## Task objective
Pick out the lines below that contain the string "Hypotheses" and copy them all.

[Saved entries]
========
Lemma swap12_meet13_miss23 L : meets13 L && ~~ meets23 L ->
  [&& meets12 (swap12 L), meets23 (swap12 L), ~~ meets13 (swap12 L)
    & (first12 (swap12 L) < first23 (swap12 L))%N].
Proof.
case/andP => m13 miss23; have m12 := meets12_of_meets13 m13 miss23.
have lt23 := lt_height_disjoint yz lt_yz miss23.
have [an ea before_a] := first_meetP m12.
have lt12 := lt_height_before_meet xy lt_xy before_a.
have lt13 k : (k <= first12 L)%N -> height x L.1.1 k < height z L.2 k.
  move=> ka; have kn := leq_trans ka an.
  rewrite leq_eqVlt in ka; case/orP: ka => [/eqP -> | ka].
    by rewrite ea lt23.
  exact: lt_trans (lt12 _ ka) (lt23 _ kn).
have H := height_swap12 m12.
have /intersectP [c cn ec] := m13.
have ac : (first12 L < c)%N.
  by rewrite ltnNge; apply/negP => ca; have := lt13 c ca; rewrite ec ltxx.
have m12' : meets12 (swap12 L).
  by apply/intersectP; exists (first12 L) => //; rewrite (H _).1 (H _).2 leqnn.
have m23' : meets23 (swap12 L).
  by apply/intersectP; exists c => //; rewrite (H c).2 leqNgt ac.
rewrite m12' m23' (first12_swap12 m12) /=; apply/andP; split.
  apply/intersectP => -[k kn]; rewrite (H k).1; case: leqP => [ka|ak] ek.
    by have := lt13 k ka; rewrite ek ltxx.
  by have := lt23 k kn; rewrite ek ltxx.
rewrite ltnNge; apply/negP => ba; have [bn eb _] := first_meetP m23'.
by move: eb; rewrite (H _).2 ba => eb; have := lt23 _ bn; rewrite eb ltxx.
Qed.

Definition meet12_first := [set L : triple n |
  [&& meets12 L, meets23 L, ~~ meets13 L & (first12 L < first23 L)%N]].
Definition meet13_miss23 := [set L : triple n | meets13 L && ~~ meets23 L].

Lemma card_meet12_first : #|meet12_first| = #|meet13_miss23|.
Proof.
apply: (card_in_involution (f := swap12)) => L; rewrite !inE.
- exact: swap12_meet12_first.
- exact: swap12_meet13_miss23.
- by case/and4P => m12 _ _ _; exact: swap12K.
- by case/andP => m13 miss23; apply/swap12K/meets12_of_meets13.
Qed.

End LowerSwap.

Section Reflection.
Variables (n : nat) (x y z : int).
Hypotheses (xy : same_parity x y) (yz : same_parity y z).
Hypotheses (lt_xy : x < y) (lt_yz : y < z).
Implicit Type L : triple n.
Lemma algmul_delta (F : nzRingType) n (c : sconst F n) i j :
  algmul c (delta_mx 0 i) (delta_mx 0 j) = \row_k c i j k.
Proof.
apply/rowP => k; rewrite !mxE -[RHS](sum_delta i (fun i' => c i' j k)).
apply: eq_bigr => i' _; rewrite -(sum_delta j (fun j' => c i' j' k)) mulr_sumr.
by apply: eq_bigr => j' _; rewrite mulrA.
Qed.

Lemma unitmx_row_neq0 (F : comUnitRingType) n (M : 'M[F]_n) i :
  M \in unitmx -> row i M != 0.
Proof.
move=> M_unit; apply/eqP => /(congr1 (mulmx^~ (invmx M))).
rewrite rowE mulmxK // mul0mx => /rowP/(_ i); rewrite !mxE !eqxx /=.
by move/eqP; rewrite oner_eq0.
Qed.

Lemma mul_eq0_cancel (F : idomainType) (x y : F) : y != 0 -> x * y = 0 -> x = 0.
Proof. by move=> y_neq0 /eqP; rewrite mulf_eq0 (negbTE y_neq0) orbF => /eqP. Qed.

Lemma sum_ord6 (F : 'I_6 -> C) : \sum_(i < 6) F i =
  F (inord 0) + F (inord 1) + F (inord 2) + F (inord 3) + F (inord 4) + F (inord 5).
Proof.
rewrite !big_ord_recr big_ord0 /= add0r.
by congr (_ + _ + _ + _ + _ + _); congr F; apply/val_inj; rewrite /= inordK.
Qed.

Lemma mx6P (M N : 'M[C]_6) :
  (forall i j, (i < 6)%N -> (j < 6)%N -> M (inord i) (inord j) = N (inord i) (inord j)) ->
  M = N.
Proof.
by move=> eqMN; apply/matrixP => i j; rewrite -(inord_val i) -(inord_val j) eqMN.
Qed.

(* The maps of the theorem are invertible: the transpose of phi_mat is lower
   triangular with diagonal (x, 1, x, x, x^2, x^3). *)
Lemma phi_mat_unit (x a61 a62 : C) : x != 0 -> phi_mat x a61 a62 \in unitmx.
Proof.
move=> x_neq0; rewrite unitmxE -det_tr det_trig.
  rewrite !big_ord_recr big_ord0 /= !mxE /= unitfE.
  by rewrite !mul1r !mulf_neq0 ?expf_neq0 ?oner_neq0.
apply/is_trig_mxP => -[i lt_i6] [j lt_j6] /= lt_ij; rewrite !mxE /=.
by case: i lt_i6 lt_ij => [|[|[|[|[|[|i]]]]]] //; case: j lt_j6 => [|[|[|[|[|[|j]]]]]].
Qed.

Lemma mul_phiE (x a61 a62 : C) (u : 'rV[C]_6) :
  (((u *m phi_mat x a61 a62) 0 (inord 0) = u 0 (inord 0) * x)%R *
   ((u *m phi_mat x a61 a62) 0 (inord 1) = u 0 (inord 1))%R *
   ((u *m phi_mat x a61 a62) 0 (inord 2) = u 0 (inord 2) * x)%R *
   ((u *m phi_mat x a61 a62) 0 (inord 3) = u 0 (inord 3) * x)%R *
   ((u *m phi_mat x a61 a62) 0 (inord 4) = u 0 (inord 4) * x ^+ 2)%R *
   ((u *m phi_mat x a61 a62) 0 (inord 5) =
      u 0 (inord 0) * a61 + u 0 (inord 1) * a62 + u 0 (inord 5) * x ^+ 3)%R)%type.
Proof. by do !split; rewrite mxE sum_ord6 !mxE !inordK //=; ring. Qed.

Definition std_const (al be : C) (i j k : nat) : C :=
  match i, j, k with
  | 0, 1, 2 => 1 | 1, 0, 2 => -1 | 1, 2, 3 => 1 | 2, 1, 3 => -1
  | 2, 3, 4 => 1 | 3, 2, 4 => -1 | 3, 4, 5 => 1 | 4, 3, 5 => -1
  | 0, 2, 4 => al | 2, 0, 4 => -al | 2, 4, 5 => be | 4, 2, 5 => -be
  | _, _, _ => 0
  end.

Lemma std_constE (c : sconst C 6) :
  in_Tprime c ->
  c (e_ 1) (e_ 3) (e_ 4) = 0 -> c (e_ 1) (e_ 4) (e_ 5) = 0 ->
  c (e_ 1) (e_ 5) (e_ 6) = 0 -> c (e_ 2) (e_ 4) (e_ 5) = 0 ->
  c (e_ 2) (e_ 5) (e_ 6) = 0 -> c (e_ 1) (e_ 4) (e_ 6) = 0 ->
  c (e_ 2) (e_ 4) (e_ 6) = 0 -> c (e_ 1) (e_ 3) (e_ 6) = 0 ->
  forall i j k, (i < 6)%N -> (j < 6)%N -> (k < 6)%N ->
  c (inord i) (inord j) (inord k) =
    std_const (c (e_ 1) (e_ 3) (e_ 5)) (c (e_ 3) (e_ 5) (e_ 6)) i j k.
Proof.
case=> c_diag c_anti c_low c_succ h1 h2 h3 h4 h5 h6 h7 h8 i j k.
rewrite /e_ /= in h1 h2 h3 h4 h5 h6 h7 h8 *.
have low i' j' k' : (i' < 6)%N -> (j' < 6)%N -> (k' < 6)%N -> (k' <= maxn i' j')%N ->
    c (inord i') (inord j') (inord k') = 0.
  by move=> *; apply: c_low; rewrite !inordK.
have succ i' k' : (i'.+1 < 6)%N -> (k' < 6)%N ->
    c (inord i') (inord i'.+1) (inord k') = (k' == i'.+2)%:R.
  by move=> *; rewrite c_succ ?inordK // ltnW.
case: i => [|[|[|[|[|[|i]]]]]] //= _;
case: j => [|[|[|[|[|[|j]]]]]] //= _;
case: k => [|[|[|[|[|[|k]]]]]] //= _;
first [ done | by rewrite c_diag | by rewrite low | by rewrite succ
      | by rewrite c_anti succ /= ?oppr0 | by rewrite c_anti | by rewrite ?h1 ?h2 ?h3 ?h4 ?h5 ?h6 ?h7 ?h8
      | by rewrite c_anti ?h1 ?h2 ?h3 ?h4 ?h5 ?h6 ?h7 ?h8 oppr0 ].
Qed.

Definition std_mul (al be : C) (u v : 'rV[C]_6) (k : nat) : C :=
  let u_ l := u 0 (inord l) in let v_ l := v 0 (inord l) in
  match k with
  | 2 => u_ 0 * v_ 1 - u_ 1 * v_ 0
  | 3 => u_ 1 * v_ 2 - u_ 2 * v_ 1
  | 4 => u_ 2 * v_ 3 - u_ 3 * v_ 2 + al * (u_ 0 * v_ 2 - u_ 2 * v_ 0)
  | 5 => u_ 3 * v_ 4 - u_ 4 * v_ 3 + be * (u_ 2 * v_ 4 - u_ 4 * v_ 2)
  | _ => 0
  end.

Section StandardAlgebra.

Variables (al be : C) (c : sconst C 6).
Hypothesis c_std : forall i j k, (i < 6)%N -> (j < 6)%N -> (k < 6)%N ->
  c (inord i) (inord j) (inord k) = std_const al be i j k.

Lemma algmul_std u v k : (k < 6)%N -> algmul c u v 0 (inord k) = std_mul al be u v k.
Proof.
move=> lt_k6; rewrite mxE !sum_ord6.
by case: k lt_k6 => [|[|[|[|[|[|k]]]]]] // _; rewrite !c_std //=; ring.
Qed.

Lemma aut_basis_eq (A : 'M[C]_6) :
  (forall u v, algmul c (u *m A) (v *m A) = algmul c u v *m A) ->
  forall i j k, (i < 6)%N -> (j < 6)%N -> (k < 6)%N ->
  std_mul al be (row (inord i) A) (row (inord j) A) k =
    \sum_(l < 6) std_const al be i j l * A (inord l) (inord k).
Proof.
move=> A_mul i j k lt_i6 lt_j6 lt_k6.
have := A_mul (delta_mx 0 (inord i)) (delta_mx 0 (inord j)).
rewrite -!rowE algmul_delta => /rowP/(_ (inord k)); rewrite algmul_std // => ->.
rewrite mxE; apply: eq_bigr => l _; rewrite mxE -[X in c _ _ X]inord_val c_std //.
by rewrite inord_val.
Qed.

Section Forward.

Variable A : 'M[C]_6.
Hypothesis A_aut : is_automorphism c A.
Hypotheses (al_neq0 : al != 0) (be_neq0 : be != 0).

Local Notation a i j := (A (inord i) (inord j)).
========
## Answer box
Hypotheses (xy : same_parity x y) (yz : same_parity y z).
Hypotheses (lt_xy : x < y) (lt_yz : y < z).
Hypotheses (al_neq0 : al != 0) (be_neq0 : be != 0).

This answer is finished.